If you've been sitting on an idea, this is a low-cost, high-support way to actually move on it — and a good chance to meet other technologists in the area. I'd encourage you to take a look.
Apply: gener8tor.com/galpha/applied-ai-lab · Contact: Clayton Custer, Program Manager, clayton.custer@gener8tor.com
Last week I drew the schema — six core entities, the junction tables between them, the rules each one encodes. It was a plan. A diagram. Something that existed in dbdiagram.io and in my head, but nowhere a row of real data could ever land. This week it became real. The schema is now a Postgres database, the tables exist, and they are sitting there empty, waiting for Milwaukee.
That's the whole milestone, and I want to be honest that it's a small one on purpose. I didn't load any data. I didn't pick a model. I didn't write a single line of the code that will eventually fill these tables. I translated the design into a real structure and confirmed it holds together — the order of operations this series keeps insisting on: schema before code before content. The structure exists now. Next week it starts to fill.

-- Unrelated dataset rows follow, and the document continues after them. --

Lemma relu_gate_closed (a rho sig v : R) : 1 <= a -> v <= a - 1 ->
  `|rho| * a * 8 <= 1 -> `|sig - v| * a * 8 <= a - 1 ->
  Num.max (2 * a * rho + sig - 2 * a) 0 = 0.
Proof.
move=> a_ge1 v_le rho_err sig_err; rewrite max_r //.
have := ler_norm rho; have := ler_norm (sig - v); have := normr_ge0 (sig - v).
nra.
Qed.

Lemma nearest_logit_lt (u v : nat) (y : R) : u != v -> `|y - v%:R| < 1 / 2 ->
  2 * u%:R * y - u%:R ^+ 2 < 2 * v%:R * y - v%:R ^+ 2.
Proof.
move=> uv; rewrite ltr_norml => /andP[y_gt y_lt].
have [u_lt|v_lt|u_eq] := ltngtP u v; last by rewrite u_eq eqxx in uv.
- have : u%:R + 1 <= v%:R :> R by rewrite natr1 ler_nat.
  nra.
- have : v%:R + 1 <= u%:R :> R by rewrite natr1 ler_nat.
  nra.
Qed.

Lemma nearest_logit_gt (v : nat) (y : R) : `|y - v%:R| < 1 / 2 ->
  -1 < 2 * v%:R * y - v%:R ^+ 2.
Proof. rewrite ltr_norml => /andP[y_gt y_lt]; nra. Qed.

Lemma decode_argmax N Rn d m (M : transformer N Rn d m) s v :
  (forall w, w != v -> logit M s w < logit M s v) -> decode M s = Some v.
Proof.
move=> v_max; rewrite /decode; case: pickP => [w /forallP w_max | none].
  apply: congr1; apply/eqP/negPn/negP => w_neq.
  have := w_max v; rewrite eq_sym w_neq /= => lt_vw.
  by have := lt_trans lt_vw (v_max w w_neq); rewrite ltxx.
have /forallP[] := negbT (none v).
by move=> w; apply/implyP/v_max.
Qed.

Lemma generate_decode N Rn d m (M : transformer N Rn d m) s v n :
  decode M s = Some v ->
  generate M s n.+1 = omap (cons v) (generate M (rcons s v) n).
Proof. by move=> /= ->. Qed.

Section FeatureVectors.
Variable T : finType.

Definition fvec (f : T -> R) : 'cV[R]_#|T| := \col_a f (enum_val a).

Definition fcols n (F : 'I_n -> T -> R) : 'M[R]_(n, #|T|) :=
  \matrix_(i, a) F i (enum_val a).

Definition frows n (F : T -> 'I_n -> R) : 'M[R]_(#|T|, n) :=
  \matrix_(a, i) F (enum_val a) i.

Definition sel_mx (sel : T -> option T) : 'M[R]_#|T| :=
  \matrix_(a, b) if sel (enum_val a) is Some u then (enum_val b == u)%:R else 0.

Lemma fvecE f t : fvec f (enum_rank t) 0 = f t.
Proof. by rewrite mxE enum_rankK. Qed.

Lemma sum_enum_rank (h : 'I_#|T| -> R) : \sum_a h a = \sum_t h (enum_rank t).
Proof.
rewrite (reindex (@enum_rank T)) //.
by exists (@enum_val T (mem T)) => x _; [exact: enum_rankK | exact: enum_valK].
Qed.

Lemma fvecD f h : fvec f + fvec h = fvec (fun t => f t + h t).
Proof. by apply/matrixP => a j; rewrite !mxE. Qed.

Lemma fvecZ c f : c *: fvec f = fvec (fun t => c * f t).
Proof. by apply/matrixP => a j; rewrite !mxE. Qed.

Lemma fvec_dot f h : ((fvec f)^T *m fvec h) 0 0 = \sum_t f t * h t.
Proof. by rewrite !mxE sum_enum_rank; apply: eq_bigr => t _; rewrite !mxE enum_rankK. Qed.

Lemma fcols_mul n (F : 'I_n -> T -> R) (x : 'cV[R]_#|T|) i :
  (fcols F *m x) i 0 = \sum_t F i t * x (enum_rank t) 0.
Proof. by rewrite mxE sum_enum_rank; apply: eq_bigr => t _; rewrite mxE enum_rankK. Qed.

Lemma frows_mul n (F : T -> 'I_n -> R) (x : 'cV[R]_n) :
  frows F *m x = fvec (fun t => \sum_i F t i * x i 0).
Proof.
by apply/matrixP => a j; rewrite (ord1 j) !mxE; apply: eq_bigr => i _; rewrite mxE.
Qed.

Lemma sel_mx_mul sel f :
  sel_mx sel *m fvec f = fvec (fun t => if sel t is Some u then f u else 0).
Proof.
apply/matrixP => a j; rewrite !mxE sum_enum_rank.
under eq_bigr do rewrite !mxE !enum_rankK.
case: (sel _) => [u|]; last by rewrite big1 // => t _; rewrite mul0r.
by rewrite (bigD1 u) //= eqxx mul1r big1 ?addr0 // => t /negbTE ->; rewrite mul0r.
Qed.

End FeatureVectors.

Lemma nth_hops N Rn (g : 'I_Rn -> 'I_N -> 'I_N) s0 rs r0 p : (p < size rs)%N ->
  nth s0 (hops g s0 rs) p = g (nth r0 rs p) (nth s0 (s0 :: hops g s0 rs) p).
Proof.
move=> p_lt; rewrite nth_scanl // (nth_cons_scanl s0 _ (ltnW p_lt)).
by rewrite (take_nth r0) // foldl_rcons.
Qed.

Section HopModel.
Variables (N Rn k : nat) (g : 'I_Rn -> 'I_N -> 'I_N).

(* Coordinates: positions, then per relation r: [f_rel r] (token r),
   [f_val r] (g_r of a subject token), [f_gate r] and [f_arg r] (what heads 0
   and 1 copy them to), and finally [f_out true] (the answer y) and
   [f_out false] (the constant 1). *)
Definition feature : finType :=
  ('I_(k + k) + ('I_Rn + ('I_Rn + ('I_Rn + ('I_Rn + bool)))))%type.

Definition f_rel r : feature := inr (inl r).
Definition f_val r : feature := inr (inr (inl r)).
Definition f_gate r : feature := inr (inr (inr (inl r))).
Definition f_arg r : feature := inr (inr (inr (inr (inl r)))).
Definition f_out b : feature := inr (inr (inr (inr (inr b)))).

Definition tok_feat (v : vocab N Rn) (t : feature) : R :=
  match v, t with
  | inr r, inr (inl r') => (r == r')%:R
  | inl u, inr (inr (inl r)) => (g r u : nat)%:R
  | _, _ => 0
  end.

Definition pos_feat (i : nat) (t : feature) : R := if t is inl q then (i == q)%:R else 0.

(* The position head h reads from query position q = k + p: head 0 reads
   r_{p+1} at p+1, head 1 reads s_p, i.e. s_0 at 0 or the query itself. *)
Definition key_pos (h q : nat) : nat :=
  if h == 0%N then (q - k).+1 else if q == k then 0%N else q.

Definition key_sel (h : nat) (t : feature) : option feature :=
  if t is inl q then omap (fun q' : 'I_(k + k) => inl q' : feature) (insub (key_pos h q))
  else None.

Definition val_sel (h : nat) (t : feature) : option feature :=
  match t with
  | inr (inr (inr (inl r))) => if h == 0%N then Some (f_rel r) else None
  | inr (inr (inr (inr (inl r)))) => if h == 0%N then None else Some (f_val r)
  | _ => None
  end.

Definition att_scale : R := (8 * N.+1 * (k + k))%:R.
Definition gate_bias : R := (2 * N.+1)%:R.

Definition unemb_feat (v : vocab N Rn) (t : feature) : R :=
  if v is inl u then
    if t == f_out true then 2 * (u : nat)%:R
    else if t == f_out false then - (u : nat)%:R ^+ 2 else 0
  else if t == f_out false then -1 else 0.

Definition W1_hop : 'M[R]_(Rn, #|feature|) :=
  fcols (fun r t => if t == f_gate r then gate_bias else (t == f_arg r)%:R).

Definition hop_model : transformer N Rn #|feature| Rn :=
  @Transformer N Rn #|feature| Rn
    (fun v => fvec (tok_feat v)) (fun i => fvec (pos_feat i)) 2
    (fun _ => att_scale%:M) (fun h => sel_mx (key_sel h)) (fun h => sel_mx (val_sel h))
    W1_hop
    (const_mx (- gate_bias))
    (frows (fun t _ => (t == f_out true)%:R))
    (fvec (fun t => (t == f_out false)%:R))
    (fun v => fcols (fun _ => unemb_feat v)).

But standing it up surfaced a question I didn't expect, and it's the more interesting story. The database lives on Neon — managed Postgres that my hardais.com site already connects to. When I went to create it, I found I already had a Neon project there: hardais-catalog, the database behind a LLM catalog the site is intending to offer, where visitors search and sort information about language models. That stopped me. Because the thing I'm building — a searchable, sortable inventory of entities with relationships and provenance — is also a catalog. And the site already has a lab where you can ask a question of a model that uses vector-based retrieval versus one that doesn't, which is almost exactly what this whole series is demonstrating. (The components themselves — Neon, Postgres, the migration tools, pgvector — get the full what-and-why treatment in Under the Hood this week, if you want to go a level deeper.)

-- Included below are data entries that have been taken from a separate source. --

Lemma gcpc_two_local_max (g l w : R) : 0 < g -> 0 < l -> l <= 1 / 2 -> - PI <= w <= PI ->
  exists t1 t2, on_circle t1 /\ on_circle t2 /\ t1 <> t2 /\
    is_local_max (gcpc_density w g l) t1 /\ is_local_max (gcpc_density w g l) t2.
Proof.
  intros hg hl hl2 hw. pose proof PI_gt_3.
  destruct (circle_representative w ltac:(lra)) as [t1 [ht1 hcos1]].
  destruct (circle_representative (w + PI) ltac:(lra)) as [t2 [ht2 hcos2]].
  exists t1, t2. split; [exact ht1|]. split; [exact ht2|]. split; [|split].
  - intros <-. specialize (hcos1 w). rewrite <- hcos2 in hcos1.
    replace (w - (w + PI)) with (- PI) in hcos1 by ring.
    rewrite Rminus_diag, cos_0, cos_neg, cos_PI in hcos1. lra.
  - apply (is_local_max_of_cos _ (gcpc_profile g l) t1 0); [lra| |].
    + apply strict_incr_on_le_right, gcpc_profile_incr_on; try lra.
      intros c hc. apply gcpc_slope_neg_nonneg; lra.
    + intros x. rewrite gcpc_density_eq, hcos1. reflexivity.
  - apply (is_local_max_of_cos _ (fun c => gcpc_profile g l (- c)) t2 (3 / 4)); [lra| |].
    + intros c hc. apply (strict_decr_on_le_left (-1) (- (3 / 4))); [|lra].
      apply gcpc_profile_decr_on; try lra.
      intros c' hc'. apply gcpc_slope_pos_near_minus_1; lra.
    + intros x. rewrite gcpc_density_eq, <- hcos2, <- neg_cos.
      f_equal. f_equal. ring.
Qed.

Theorem mainTheorem8 (gamma lambda omega : R)
  (hg : 0 < gamma) (hl : 0 < lambda) (ho : - PI <= omega <= PI) :
  let f := gcpc_density omega gamma lambda in
  (lambda = 1 -> unimodal_circ f) /\
  (1 < lambda <= gamma ^ 2 + 1 -> unimodal_circ f) /\
  (lambda > gamma ^ 2 + 1 ->
     (gamma ^ 2 + 1) * (lambda - 1) > (lambda - gamma ^ 2 - 1) * (2 * lambda - 1) ^ 2 ->
     unimodal_circ f) /\
  (1 / 2 < lambda < 1 ->
     (gamma ^ 2 + 1 - lambda) * (1 - 2 * lambda) ^ 2 > (gamma ^ 2 + 1) * (1 - lambda) ->
     unimodal_circ f) /\
  (lambda <= 1 / 2 ->
     exists t1 t2, on_circle t1 /\ on_circle t2 /\ t1 <> t2 /\
       is_local_max f t1 /\ is_local_max f t2).
Proof.
  intros f. unfold f.
  assert (hgam : 0 < gamma ^ 2) by nra.
  split; [|split; [|split; [|split]]].
  - intros ->. apply gcpc_unimodal; try lra. unfold gcpc_discr. nra.
  - intros hA. apply gcpc_unimodal; try lra. unfold gcpc_discr.
    assert (0 <= (gamma ^ 2 + 1 - lambda) * (1 - 2 * lambda) ^ 2) by
      (apply Rmult_le_pos; nra).
    nra.
  - intros hB hdisc. apply gcpc_unimodal; try lra. unfold gcpc_discr. nra.
  - intros hC hdisc. apply gcpc_unimodal; try lra. unfold gcpc_discr. lra.
  - intros hD. apply gcpc_two_local_max; assumption.
Qed.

So the question wasn't "where do I put this." It was something bigger: is this build a separate thing, or is it the prototype for how all of my catalogs should eventually work? The LLM catalog, the retrieval lab, the visitor chat that will someday want a real knowledge base — they're all variations on the same shape this Milwaukee inventory is taking. I'm not answering that yet. I built the inventory in its own clean, separate Neon project for now, which keeps the work isolated and keeps every door open. But I'm flagging it out loud, because it's the kind of realization that only shows up once you stop drawing and start building.

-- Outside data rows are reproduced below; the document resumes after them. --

Lemma poly_eq0_of_roots (q : {poly F}) (s : nat -> F) : injective s ->
  (forall k, root q (s k)) -> q = 0.
Proof.
move=> s_inj roots; apply/eqP; apply: contraT => q_neq0.
have uniq_s : uniq [seq s k | k <- iota 0 (size q)] by rewrite map_inj_uniq ?iota_uniq.
have := max_poly_roots q_neq0 _ uniq_s; rewrite size_map size_iota ltnn; apply.
by apply/allP => _ /mapP[k _ ->].
Qed.

Lemma size_comp_affine_leq (P : {poly F}) (a c : F) :
  (size (P \Po (a *: 'X + c%:P)) <= size P)%N.
Proof.
have [->|P_neq0] := eqVneq P 0; first by rewrite comp_poly0.
apply: leq_trans (size_comp_poly_leq _ _) _.
have szq : ((size (a *: 'X + c%:P)%R).-1 <= 1)%N.
  rewrite -subn1 leq_subLR; apply: leq_trans (size_polyD _ _) _.
  rewrite geq_max (leq_trans (size_scale_leq _ _)) ?size_polyX // size_polyC.
  by case: (c != 0).
rewrite -[X in (_ <= X)%N](prednK (_ : 0 < size P)%N) ?size_poly_gt0 // ltnS.
by rewrite -[X in (_ <= X)%N]muln1 leq_mul.
Qed.

End Moments.

Section SeparatingDirection.
Variable F : numDomainType.

Lemma exists_separating_direction N d (X : 'M[F]_(N, d)) :
  injective (fun i => row i X) ->
  exists w : 'cV[F]_d, injective (fun i => (X *m w) i 0).
Proof.
move=> X_inj.
pose p (i i' : 'I_N) := rVpoly (row i X - row i' X).
have p_neq0 i i' : i != i' -> p i i' != 0.
  apply: contraNneq => p0; apply/eqP/X_inj/eqP; rewrite -subr_eq0; apply/eqP.
  by apply: (can_inj rVpolyK); rewrite [rVpoly _]p0 linear0.
pose Q := \prod_(ii : 'I_N * 'I_N | ii.1 != ii.2) p ii.1 ii.2.
have Q_neq0 : Q != 0 by apply/prodf_neq0 => ii /p_neq0.
have [k /negP Qk] : exists k : nat, ~ root Q k%:R.
  apply/existsNP => /(poly_eq0_of_roots (mulrIn (oner_neq0 F))) Q0.
  by rewrite Q0 eqxx in Q_neq0.
pose w : 'cV[F]_d := \col_j k%:R ^+ j.
exists w => i i' /eqP Xw; apply/eqP; apply: contraNT Qk => ii'.
rewrite /root /Q horner_prod (bigD1 (i, i')) //= /p horner_poly.
set S := \sum_(_ < d) _; suff -> : S = (X *m w) i 0 - (X *m w) i' 0.
  by rewrite (eqP Xw) subrr mul0r.
by rewrite /S !mxE -sumrB; apply: eq_bigr => j _; rewrite valK !mxE mulrBl.
Qed.
(* Let $\mathcal P=\mathcal P_n(\alpha,\ell)$ be a quasi-regular curvilinear $n$-gon (all interior angles equal to $\alpha$, all side lengths equal to $\ell$) with $\alpha\in(0,\pi)\setminus\mathcal E$. Then the set of its quasi-eigenvalues (as a set of values, without multiplicity) is $$\Big\{\tfrac1\ell\Big(\pm\arccos\big(\sin(\tfrac{\pi^2}{2\alpha})\cos(\tfrac{2\pi q}{n})\big)+2\pi m\Big):\ m\in\mathbb N\cup\{0\},\ q=0,1,\dots,\lfloor n/2\rfloor\Big\}\cap[0,+\infty).$$ Each such quasi-eigenvalue has multiplicity two, except in the following cases, where it has multiplicity one: (i) $\alpha\notin\mathcal S$ and $q=0$; (ii) $\alpha\notin\mathcal S$, $n$ even and $q=n/2$; (iii) $\alpha\in\mathcal S$ even, $q=0$ and $m=0$ (the quasi-eigenvalue $0$); (iv) $\alpha\in\mathcal S$ odd, $n$ even, $q=n/2$ and $m=0$ (the quasi-eigenvalue $0$).
   Context: $\mathcal E=\{\pi/(2k):k\in\mathbb N\}$ (exceptional angles), $\mathcal S=\{\pi/(2k+1):k\in\mathbb N\}$ (special angles); a special angle $\pi/(2k+1)$ is called even or odd according as $k$ is even or odd. A curvilinear polygon $\mathcal P(\boldsymbol\alpha,\boldsymbol\ell)$: bounded simply connected planar domain bounded by $n$ smooth arcs of lengths $\ell_j$, vertices $V_1,\dots,V_n$ clockwise, interior angle $\alpha_j\in(0,\pi)$ at $V_j$. For $\alpha\notin\mathcal E$, $\mathtt A(\alpha)=\begin{pmatrix}\csc\frac{\pi^2}{2\alpha}&-i\cot\frac{\pi^2}{2\alpha}\\ i\cot\frac{\pi^2}{2\alpha}&\csc\frac{\pi^2}{2\alpha}\end{pmatrix}$, $\mathtt B(\ell,\sigma)=\operatorname{diag}(e^{i\ell\sigma},e^{-i\ell\sigma})$. For a polygon without exceptional angles, $\sigma\ge0$ is a quasi-eigenvalue iff $1$ is an eigenvalue of $\mathtt T(\sigma)=\mathtt A(\alpha_n)\mathtt B(\ell_n,\sigma)\cdots\mathtt A(\alpha_1)\mathtt B(\ell_1,\sigma)$; the multiplicity of a quasi-eigenvalue $\sigma>0$ is the geometric multiplicity of the eigenvalue $1$ of $\mathtt T(\sigma)$, and the quasi-eigenvalue $0$ (if present) has multiplicity $1$. *)

From Stdlib Require Import Reals Lra Lia List.
Open Scope R_scope.

Definition C : Type := (R * R)%type.
Definition Cre (z : C) : R := fst z.
Definition Cim (z : C) : R := snd z.
Definition C0 : C := (0, 0).
Definition C1 : C := (1, 0).
Definition RtoC (x : R) : C := (x, 0).
Definition Cadd (z w : C) : C := (fst z + fst w, snd z + snd w).
Definition Cmul (z w : C) : C :=
  (fst z * fst w - snd z * snd w, fst z * snd w + snd z * fst w).
Definition Ci : C := (0, 1).
Definition Cexpi (t : R) : C := (cos t, sin t).

Record M2 : Type := mkM2 { m11 : C; m12 : C; m21 : C; m22 : C }.
Definition V2 : Type := (C * C)%type.

Definition M2mul (X Y : M2) : M2 :=
  mkM2 (Cadd (Cmul (m11 X) (m11 Y)) (Cmul (m12 X) (m21 Y)))
       (Cadd (Cmul (m11 X) (m12 Y)) (Cmul (m12 X) (m22 Y)))
       (Cadd (Cmul (m21 X) (m11 Y)) (Cmul (m22 X) (m21 Y)))
       (Cadd (Cmul (m21 X) (m12 Y)) (Cmul (m22 X) (m22 Y))).
Definition M2id : M2 := mkM2 C1 C0 C0 C1.
Definition M2app (X : M2) (v : V2) : V2 :=
  (Cadd (Cmul (m11 X) (fst v)) (Cmul (m12 X) (snd v)),
   Cadd (Cmul (m21 X) (fst v)) (Cmul (m22 X) (snd v))).
Definition V2zero : V2 := (C0, C0).
Definition V2add (v w : V2) : V2 := (Cadd (fst v) (fst w), Cadd (snd v) (snd w)).
Definition V2scale (a : C) (v : V2) : V2 := (Cmul a (fst v), Cmul a (snd v)).

Definition exceptional (a : R) : Prop :=
  exists k : nat, (1 <= k)%nat /\ a = PI / (2 * INR k).
Definition special (a : R) : Prop :=
  exists k : nat, (1 <= k)%nat /\ a = PI / (2 * INR k + 1).
Definition special_even (a : R) : Prop :=
  exists k : nat, (1 <= k)%nat /\ Nat.Even k /\ a = PI / (2 * INR k + 1).
Definition special_odd (a : R) : Prop :=
  exists k : nat, (1 <= k)%nat /\ Nat.Odd k /\ a = PI / (2 * INR k + 1).

Definition csc (x : R) : R := 1 / sin x.
Definition cot (x : R) : R := cos x / sin x.
Definition Amat (a : R) : M2 :=
  let t := PI ^ 2 / (2 * a) in
  mkM2 (RtoC (csc t)) (0, - cot t) (0, cot t) (RtoC (csc t)).
Definition Bmat (l s : R) : M2 :=
  mkM2 (Cexpi (l * s)) C0 C0 (Cexpi (- (l * s))).

(** T(s) = A(alpha_n) B(l_n,s) ... A(alpha_1) B(l_1,s), for the list of
    vertex data [(alpha_1,l_1); ...; (alpha_n,l_n)]. *)
Definition Tmat (data : list (R * R)) (s : R) : M2 :=
  fold_left (fun acc p => M2mul (M2mul (Amat (fst p)) (Bmat (snd p) s)) acc)
            data M2id.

Next week is the one I've been pointing at for a while: getting the data. The structure is built. Now comes the hard, honest part — filling it with real Milwaukee tech organizations, events, and people, with sources attached and the right level of verification for each. That's where this stops being architecture and starts being an answer to the question that started it all.
Last week's Under the Hood described a stack I was going to use: Postgres running in a Docker container on my machine, verified with a tool called DBeaver. When I actually sat down to build it, I used neither. That's not a reversal — it's what happens when an abstract plan meets a real environment, and the reasoning behind each cut is worth more than the original plan was. So here's the stack I actually built on, what each piece is, and why two of last week's pieces turned out to be solving problems I don't have.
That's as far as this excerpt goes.